As the answer, set down the lines below from the one containing "have [large|small] := leP" through the one containing "have bb_i0 : bb", exactly and inclusively, and no others.
---------- Data excerpts
(* Replace the [i0] coordinate of [a] by a scalar of squared modulus
   [q A / (1 - q)], [A] the mass of the other coordinates, in phase with
   [a i0 0]: the new vector has exactly the fraction [q] of its mass there,
   and stays within [th] of [a] whenever [a] had less than [q = th^2/4]. *)
Lemma large_coord_near (i0 : 'I_d) a th : a != 0 -> 0 < th < 1 ->
  exists bb, [/\ bb != 0, dP a bb < th & th ^+ 2 / 4 * norm2 bb <= ka (bb i0 0)].
Proof.
move=> a0 /andP[th0 th1]; set q := th ^+ 2 / 4.
have N0 : 0 < norm2 a := norm2_gt0 a0.
have [large|small] := leP (q * norm2 a) (ka (a i0 0)).
  by exists a; rewrite dPvv.
set N := norm2 a in N0 small *; set p := ka (a i0 0) in small *.
set A := N - p; set B := q * A / (1 - q).
have q0 : 0 < q by rewrite divr_gt0 // exprn_gt0.
have q1 : q < 1 / 4 by rewrite /q; nra.
have p0 : 0 <= p := kabs2_ge0 _.
have A_gt : N * (1 - q) < A by rewrite /A; lra.
have BA : (B + A) * (1 - q) = A.
  by rewrite mulrDl /B divfK; [ring | rewrite subr_eq0 gt_eqF //; lra].
have A0 : 0 < A by nra.
have B0 : 0 <= B by rewrite /B divr_ge0 ?mulr_ge0 ?ltW //; lra.
have [be be2 [r r0 ar]] := exists_aligned_scalar (a i0 0) B0.
set bb := a + (be - a i0 0) *: ecol i0.
have bb_i i : i != i0 -> bb i 0 = a i 0.
  by move=> /negbTE ne; rewrite !mxE ne mulr0 addr0.
have bb_i0 : bb i0 0 = be by rewrite !mxE !eqxx mulr1 addrC subrK.
have A_rest : \sum_(i | i != i0) ka (a i 0) = A by rewrite /A /N (norm2_split _ i0) addrC addKr.
have Nbb : norm2 bb = B + A.
  rewrite (norm2_split _ i0) bb_i0 be2 -A_rest; congr (_ + _).
  by apply: eq_bigr => i /bb_i ->.
have abb : hdot a bb = kr (r + A).
  rewrite /hdot (bigD1 i0) //= bb_i0 ar kofRD -A_rest kofR_sum; congr (_ + _).
  by apply: eq_bigr => i /bb_i ->; rewrite kmulconj.
have bb0 : bb != 0 by rewrite -norm2_eq0 Nbb gt_eqF //; lra.
exists bb; split => //; last by rewrite bb_i0 be2 Nbb -/q; nra.
rewrite /dP abb kabs2R Nbb -/N -(gtr0_norm th0) -sqrtr_sqr ltr_sqrt ?exprn_gt0 //.
have -> : th ^+ 2 = 4 * q by rewrite /q; field.
rewrite ltrBlDr -ltrBlDl ltr_pdivlMr; last by rewrite mulr_gt0 //; lra.
have BA0 : 0 < B + A by lra.
have AA : A ^+ 2 = A * ((B + A) * (1 - q)) by rewrite BA expr2.
have BAq : 0 < (B + A) * (1 - q) by rewrite BA.
have : N * (1 - q) * ((B + A) * (1 - q)) < A ^+ 2 by rewrite AA ltr_pM2r.
have : 0 < N * (B + A) by rewrite mulr_gt0.
nra.
Qed.
(* Let $X\in\tilde{\mathcal{A}}_{conv.}$ and $\lambda\in\mathbb{C}$. Then there exist a unique $Q\in\tilde{\mathcal{A}}_{conv.}$ and a unique $R\in B$ such that $X=Q(a-\lambda b)+R$ in $\tilde{\mathcal{A}}_{conv.}$.
   Context: $\widehat{\mathcal{A}}$ is the algebra of formal power series $\sum_{p,q\ge0}\gamma_{p,q}a^pb^q$ in variables $a,b$ with $ab-ba=b^2$ (the $(a,b)$-adic completion of the polynomial algebra with this relation). $\tilde{\mathcal{A}}_{conv.}\subset\widehat{\mathcal{A}}$ is the subalgebra of series with $|\gamma_{p,q}|\le C_RR^{p+q}q!$ for some $R>1$, $C_R>0$. $B=\mathbb{C}\{\{b\}\}\subset\tilde{\mathcal{A}}_{conv.}$ is the subalgebra of series $\sum c_qb^q$ with $|c_q|\le CR^qq!$ for some $C,R$. *)

From HB Require Import structures.
From mathcomp Require Import all_boot all_order all_algebra.
From mathcomp Require Import reals.
From mathcomp.real_closed Require Import complex.
Set Implicit Arguments. Unset Strict Implicit. Unset Printing Implicit Defensive.
Import Order.TTheory GRing.Theory Num.Theory.
Local Open Scope ring_scope.
Local Open Scope complex_scope.

Section Alg.
Variable R : realType.

(* An element sum_{p,q} g p q a^p b^q of \hat A (normal ordering a^p b^q). *)
Definition series := nat -> nat -> R[i].

(* coefficient of a^(m-k) b^(n+k) in the reordering of b^n a^m:
   b^n a^m = sum_k (-1)^k C(m,k) n(n+1)...(n+k-1) a^(m-k) b^(n+k),
   a consequence of ab - ba = b^2 (i.e. b^n a = a b^n - n b^(n+1)). *)
Definition reord (n m k : nat) : R[i] :=
  (-1) ^+ k * ('C(m, k))%:R * (\prod_(i < k) (n + i))%:R.

Definition sadd (X Y : series) : series := fun p q => X p q + Y p q.

(* product in \hat A: a^p1 b^q1 . a^p2 b^q2
   = sum_k reord q1 p2 k a^(p1+p2-k) b^(q1+k+q2); for target (p,q) we have
   p2 = p - p1 + k with p1 <= p, and q1 + q2 + k = q. *)
Definition smul (X Y : series) : series := fun p q =>
  \sum_(p1 < p.+1) \sum_(q1 < q.+1) \sum_(q2 < q.+1) \sum_(k < q.+1)
    if (q1 + q2 + k == q)%N then
      X p1 q1 * Y (p - p1 + k)%N q2 * reord q1 (p - p1 + k) k
    else 0.

Definition sa : series := fun p q => if (p == 1%N) && (q == 0%N) then 1 else 0.
Definition sb : series := fun p q => if (p == 0%N) && (q == 1%N) then 1 else 0.

Definition a_minus_lb (l : R[i]) : series := fun p q => sa p q - l * sb p q.

Definition in_Aconv (X : series) : Prop :=
  exists (r c : R), 1 < r /\ 0 < c /\
    forall p q : nat, `|X p q| <= (c * r ^+ (p + q) * (q`!)%:R)%:C.

Definition in_B (X : series) : Prop :=
  (forall p q : nat, (0 < p)%N -> X p q = 0) /\
  exists (c r : R), forall q : nat, `|X 0%N q| <= (c * r ^+ q * (q`!)%:R)%:C.

End Alg.

From HB Require Import structures.
From mathcomp Require Import all_boot all_order all_algebra.
From mathcomp Require Import reals.
From mathcomp.real_closed Require Import complex.
From mathcomp Require Import ring lra zify.
From Stdlib Require Import FunctionalExtensionality.
Set Implicit Arguments. Unset Strict Implicit. Unset Printing Implicit Defensive.
Import Order.TTheory GRing.Theory Num.Theory Normc.
Local Open Scope ring_scope.
Local Open Scope complex_scope.

(* Since b^q a = a b^q - q b^(q+1), the coefficient of a^p b^q in Q (a - l b) is
   Q_(p-1,q) - (q - 1 + l) Q_(p,q-1).  Hence X = Q (a - l b) + R is the triangular system
     Q_(p,q) = X_(p+1,q) + (q - 1 + l) Q_(p+1,q-1),   R_(0,q) = X_(0,q) + (q - 1 + l) Q_(0,q-1),
   which determines Q and R.  If |X_(p,q)| <= c r^(p+q) q!, induction on q gives
   |Q_(p-1,q)|, |R_(0,q)| <= c r^(p+q) (|l| + 2)^q q!, because
   (q+1)! + (q+1) (|l| + 1) q! (|l| + 2)^q <= (q+1)! (|l| + 2)^(q+1);
   so Q and R converge with radius r (|l| + 2). *)

Section PointSums.
Variable V : nmodType.

Lemma sum_ord_eq1 n a (F : nat -> V) :
  (forall i, i != a -> F i = 0) -> \sum_(i < n) F i = if (a < n)%N then F a else 0.
Proof.
move=> Fa; transitivity (\sum_(i < n | i == a :> nat) F i); last exact: big_ord1_eq.
by rewrite [RHS]big_mkcond; apply: eq_bigr => i _; case: eqP => // /eqP /Fa.
Qed.

Lemma sum4_point n1 n2 n3 n4 (a b c d : nat) (v : V) :
  \sum_(i < n1) \sum_(j < n2) \sum_(k < n3) \sum_(m < n4)
    (if [&& i == a :> nat, j == b :> nat, k == c :> nat & m == d :> nat] then v else 0)
  = if [&& a < n1, b < n2, c < n3 & d < n4]%N then v else 0.
Proof.
(* [F] in [sum_ord_eq1] cannot be inferred through the [nat_of_ord] coercion, so the
   summand is named and each [F] given explicitly. *)
pose pt (i j k m : nat) : V := if [&& i == a, j == b, k == c & m == d]%N then v else 0.
rewrite -[LHS]/(\sum_(i < n1) \sum_(j < n2) \sum_(k < n3) \sum_(m < n4) pt i j k m).
rewrite (@sum_ord_eq1 _ a (fun i => \sum_(j < n2) \sum_(k < n3) \sum_(m < n4) pt i j k m)).
rewrite (@sum_ord_eq1 _ b (fun j => \sum_(k < n3) \sum_(m < n4) pt a j k m)).
rewrite (@sum_ord_eq1 _ c (fun k => \sum_(m < n4) pt a b k m)) /=.
rewrite (@sum_ord_eq1 _ d (pt a b c)).
- by rewrite /pt !eqxx; case: (a < n1)%N; case: (b < n2)%N; case: (c < n3)%N.
all: by move=> x /negbTE xE; rewrite ?big1 // => *; rewrite ?big1 // => *; rewrite ?big1 // => *;
  rewrite /pt xE ?andbF.
Qed.

Lemma sum4D n1 n2 n3 n4 (F G : 'I_n1 -> 'I_n2 -> 'I_n3 -> 'I_n4 -> V) :
  \sum_(i < n1) \sum_(j < n2) \sum_(k < n3) \sum_(m < n4) (F i j k m + G i j k m) =
  \sum_(i < n1) \sum_(j < n2) \sum_(k < n3) \sum_(m < n4) F i j k m +
  \sum_(i < n1) \sum_(j < n2) \sum_(k < n3) \sum_(m < n4) G i j k m.
Proof.
rewrite -big_split; apply: eq_bigr => i _; rewrite -big_split; apply: eq_bigr => j _.
by rewrite -big_split; apply: eq_bigr => k _; rewrite -big_split.
Qed.

End PointSums.

Section RightMultiplication.
Variable R : realType.
Implicit Types (X : series R) (l : R[i]).

Lemma smul_sb_term X p q p1 q1 q2 k : (p1 < p.+1)%N ->
  (if (q1 + q2 + k == q)%N then X p1 q1 * sb R (p - p1 + k)%N q2 * reord R q1 (p - p1 + k)%N k
   else 0)
  = if [&& p1 == p, q1 == q.-1, q2 == 1 & k == 0]%N then
      (if q is q'.+1 then X p q' else 0) else 0.
Proof.
rewrite ltnS => /subnKC <-; move: (p - p1)%N => d; rewrite addKn /sb /reord.
case: d k q2 => [|d] [|k] [|[|q2]] /=; rewrite ?mulr0 ?mul0r ?andbF ?if_same //.
all: repeat case: ifP => ? //; try (exfalso; lia).
all: rewrite ?addn0 ?addn1 /= ?big_ord0 ?expr0 /= ?mulr1.
- by have -> : q = q1.+1 by lia.
- by have -> : q = 0%N by lia.
Qed.

Lemma smul_sa_term X p q p1 q1 q2 k : (p1 < p.+1)%N ->
  (if (q1 + q2 + k == q)%N then X p1 q1 * sa R (p - p1 + k)%N q2 * reord R q1 (p - p1 + k)%N k
   else 0)
  = (if [&& p1 == p.-1, q1 == q, q2 == 0 & k == 0]%N then
       (if p is p'.+1 then X p' q else 0) else 0)
  + (if [&& p1 == p, q1 == q.-1, q2 == 0 & k == 1]%N then - (q.-1)%:R * X p q.-1 else 0).
Proof.
rewrite ltnS => /subnKC <-; move: (p - p1)%N => d; rewrite addKn /sa /reord.
case: d k q2 => [|[|d]] [|[|k]] [|q2] /=; rewrite ?mulr0 ?mul0r ?andbF ?if_same ?addr0 ?add0r //.
all: repeat case: ifP => ? //; try (exfalso; lia).
all: rewrite ?addn0 ?addn1 /= ?big_ord0 ?big_ord1 ?bin0 ?binn ?expr0 ?expr1 /= ?mulr1.
- by have -> : p1 = 0%N by lia.
- have -> : q1 = q.-1 by lia.
  ring.
- have -> : q = 0%N by lia.
  by rewrite /= mulr0n oppr0 mul0r.
- by congr (X _ _); lia.
Qed.

Lemma smul_sb X p q : smul X (sb R) p q = if q is q'.+1 then X p q' else 0.
Proof.
rewrite /smul.
under eq_bigr => p1 _ do under eq_bigr => q1 _ do under eq_bigr => q2 _ do
  under eq_bigr => k _ do rewrite (smul_sb_term _ _ _ _ _ (ltn_ord p1)).
by rewrite sum4_point; case: q => [|q]; rewrite /= ?if_same // ifT //; lia.
Qed.

Lemma smul_sa X p q :
  smul X (sa R) p q = (if p is p'.+1 then X p' q else 0) - (q.-1)%:R * X p q.-1.
Proof.
rewrite /smul.
under eq_bigr => p1 _ do under eq_bigr => q1 _ do under eq_bigr => q2 _ do
  under eq_bigr => k _ do rewrite (smul_sa_term _ _ _ _ _ (ltn_ord p1)).
rewrite sum4D !sum4_point ifT; last lia.
case: q => [|q] /=; first by rewrite andbF mul0r subr0 addr0.
by rewrite ifT ?mulNr //; lia.
Qed.

Lemma smul_a_minus_lb X l p q :
  smul X (a_minus_lb l) p q = (if p is p'.+1 then X p' q else 0)
                              - (if q is q'.+1 then (q'%:R + l) * X p q' else 0).
Proof.
have -> : smul X (a_minus_lb l) p q = smul X (sa R) p q - l * smul X (sb R) p q.
  rewrite /smul /a_minus_lb; do 4!(rewrite mulr_sumr -sumrB; apply: eq_bigr => ? _).
  by case: ifP => _; [ring | rewrite mulr0 subr0].
by rewrite smul_sa smul_sb; case: q => [|q] /=; ring.
Qed.

End RightMultiplication.

Lemma normc_le (R : rcfType) (z : R[i]) (b : R) : (`|z| <= b%:C) = (normc z <= b).
Proof. exact: lecR. Qed.

Lemma normc_ge0 (R : rcfType) (z : R[i]) : 0 <= normc z.
Proof. by case: z => a b; exact: sqrtr_ge0. Qed.

Lemma le_normc_natD (R : rcfType) (n : nat) (z : R[i]) :
  normc (n%:R + z) <= n.+1%:R * (normc z + 1).
Proof.
apply: le_trans (le_normcD _ _) _; rewrite normcMn normc1 -natr1.
have := normc_ge0 z; have : 0 <= n%:R :> R by []; nra.
Qed.

Lemma series_ext (R : realType) (X Y : series R) : (forall p q, X p q = Y p q) -> X = Y.
Proof.
by move=> XY; apply: functional_extensionality => p; apply: functional_extensionality.
Qed.

Section Division.
Variables (R : realType) (X : series R) (l : R[i]).

Fixpoint div_coef (p q : nat) {struct q} : R[i] :=
  if q is q'.+1 then X p q + (q'%:R + l) * div_coef p.+1 q' else X p 0.

Definition quot_series : series R := fun p q => div_coef p.+1 q.

Definition rem_series : series R := fun p q => if p is 0 then div_coef 0 q else 0.

Section Bound.
Variables c r : R.
Hypotheses (c_ge0 : 0 <= c) (r_ge0 : 0 <= r).
Hypothesis X_bound : forall p q, normc (X p q) <= c * r ^+ (p + q) * q`!%:R.

Lemma div_coef_bound p q :
  normc (div_coef p q) <= c * r ^+ (p + q) * (normc l + 2) ^+ q * q`!%:R.
Proof.
elim: q p => [|q IHq] p /=; first by rewrite expr0 mulr1; exact: X_bound.
set M := normc l + 2; set K := c * r ^+ (p + q.+1) * q`!%:R.
have K_ge0 : 0 <= K by rewrite !mulr_ge0 ?exprn_ge0.
have T_ge1 : 1 <= M ^+ q by rewrite exprn_ege1 // /M; have := normc_ge0 l; lra.
have hX : normc (X p q.+1) <= K * q.+1%:R by rewrite /K -mulrA -natrM mulnC -factS.
have hf : normc (div_coef p.+1 q) <= K * M ^+ q.
  by apply: le_trans (IHq _) _; rewrite addSnnS /K mulrAC.
have hlq := le_normc_natD q l.
have hlf : normc (q%:R + l) * normc (div_coef p.+1 q) <= q.+1%:R * (normc l + 1) * (K * M ^+ q).
  by apply: ler_pM; rewrite ?normc_ge0.
have slack : 0 <= K * q.+1%:R * (M ^+ q - 1) by rewrite mulr_ge0 ?subr_ge0 // mulr_ge0.
have -> : c * r ^+ (p + q.+1) * M ^+ q.+1 * (q.+1)`!%:R = K * q.+1%:R * (M * M ^+ q).
  by rewrite /K factS natrM exprS; ring.
apply: le_trans (le_normcD _ _) _; rewrite normcM /M; lra.
Qed.

End Bound.

Lemma quot_rem_eq : X = sadd (smul quot_series (a_minus_lb l)) rem_series.
Proof.
apply: series_ext => p q; rewrite /sadd smul_a_minus_lb /quot_series /rem_series.
by case: p => [|p]; case: q => [|q] /=; ring.
Qed.

Lemma quot_rem_unique Q Rm : (forall p q, (0 < p)%N -> Rm p q = 0) ->
  X = sadd (smul Q (a_minus_lb l)) Rm -> Q = quot_series /\ Rm = rem_series.
Proof.
move=> Rm0 XE.
have XQ p q : X p.+1 q = Q p q - (if q is q'.+1 then (q'%:R + l) * Q p.+1 q' else 0).
  by rewrite {1}XE /sadd smul_a_minus_lb Rm0 // addr0.
have QE : Q = quot_series.
  apply: series_ext => p q; rewrite /quot_series; elim: q p => [|q IHq] p /=.
    by rewrite XQ subr0.
  by rewrite XQ IHq; ring.
split=> //; apply: series_ext => p q.
have := congr1 (fun Y => Y p q) (etrans (esym XE) quot_rem_eq).
by rewrite /sadd /= QE => /addrI.
Qed.

Lemma div_coef_bound_Aconv : in_Aconv X -> exists c r : R, [/\ 0 < c, 1 < r &
  forall p q, normc (div_coef p q) <= c * r ^+ (p + q) * (normc l + 2) ^+ q * q`!%:R].
Proof.
move=> [r [c [r_gt1 [c_gt0 hX]]]]; exists c, r; split=> //.
apply: div_coef_bound; rewrite ?ltW //; first exact: lt_trans r_gt1.
by move=> p q; rewrite -normc_le.
Qed.

Lemma quot_in_Aconv : in_Aconv X -> in_Aconv quot_series.
Proof.
move=> /div_coef_bound_Aconv [c [r [c_gt0 r_gt1 B]]].
set M := normc l + 2; have M_ge1 : 1 <= M by rewrite /M; have := normc_ge0 l; lra.
exists (r * M), (c * r); split; first by nra.
split=> [|p q]; first by apply: mulr_gt0; lra.
rewrite normc_le /quot_series; apply: le_trans (B _ _) _; rewrite -/M addSn exprS exprMn.
have K_ge0 : 0 <= c * r * r ^+ (p + q) * q`!%:R by rewrite !mulr_ge0 ?exprn_ge0 //; lra.
have := ler_wpM2l K_ge0 (ler_weXn2l M_ge1 (leq_addl p q)); lra.
Qed.

Lemma rem_in_B : in_Aconv X -> in_B rem_series.
Proof.
move=> /div_coef_bound_Aconv [c [r [_ _ B]]]; split=> [[|p] q //=|].
exists c, (r * (normc l + 2)) => q; rewrite normc_le; apply: le_trans (B _ _) _.
by rewrite add0n exprMn mulrA lexx.
Qed.

End Division.

Theorem proposition1p2p3 (R : realType) (X : series R) (l : R[i]) :
  in_Aconv X ->
  exists Q Rm : series R,
    [/\ in_Aconv Q, in_B Rm, X = sadd (smul Q (a_minus_lb l)) Rm &
     forall Q' Rm' : series R, in_Aconv Q' -> in_B Rm' ->
       X = sadd (smul Q' (a_minus_lb l)) Rm' -> Q' = Q /\ Rm' = Rm].
Proof.
move=> X_conv; exists (quot_series X l), (rem_series X l); split.
- exact: quot_in_Aconv.
- exact: rem_in_B.
- exact: quot_rem_eq.
- by move=> Q' Rm' _ [Rm'0 _]; exact: quot_rem_unique.
Qed.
--------------------
### Answer
have [large|small] := leP (q * norm2 a) (ka (a i0 0)).
  by exists a; rewrite dPvv.
set N := norm2 a in N0 small *; set p := ka (a i0 0) in small *.
set A := N - p; set B := q * A / (1 - q).
have q0 : 0 < q by rewrite divr_gt0 // exprn_gt0.
have q1 : q < 1 / 4 by rewrite /q; nra.
have p0 : 0 <= p := kabs2_ge0 _.
have A_gt : N * (1 - q) < A by rewrite /A; lra.
have BA : (B + A) * (1 - q) = A.
  by rewrite mulrDl /B divfK; [ring | rewrite subr_eq0 gt_eqF //; lra].
have A0 : 0 < A by nra.
have B0 : 0 <= B by rewrite /B divr_ge0 ?mulr_ge0 ?ltW //; lra.
have [be be2 [r r0 ar]] := exists_aligned_scalar (a i0 0) B0.
set bb := a + (be - a i0 0) *: ecol i0.
have bb_i i : i != i0 -> bb i 0 = a i 0.
  by move=> /negbTE ne; rewrite !mxE ne mulr0 addr0.
have bb_i0 : bb i0 0 = be by rewrite !mxE !eqxx mulr1 addrC subrK.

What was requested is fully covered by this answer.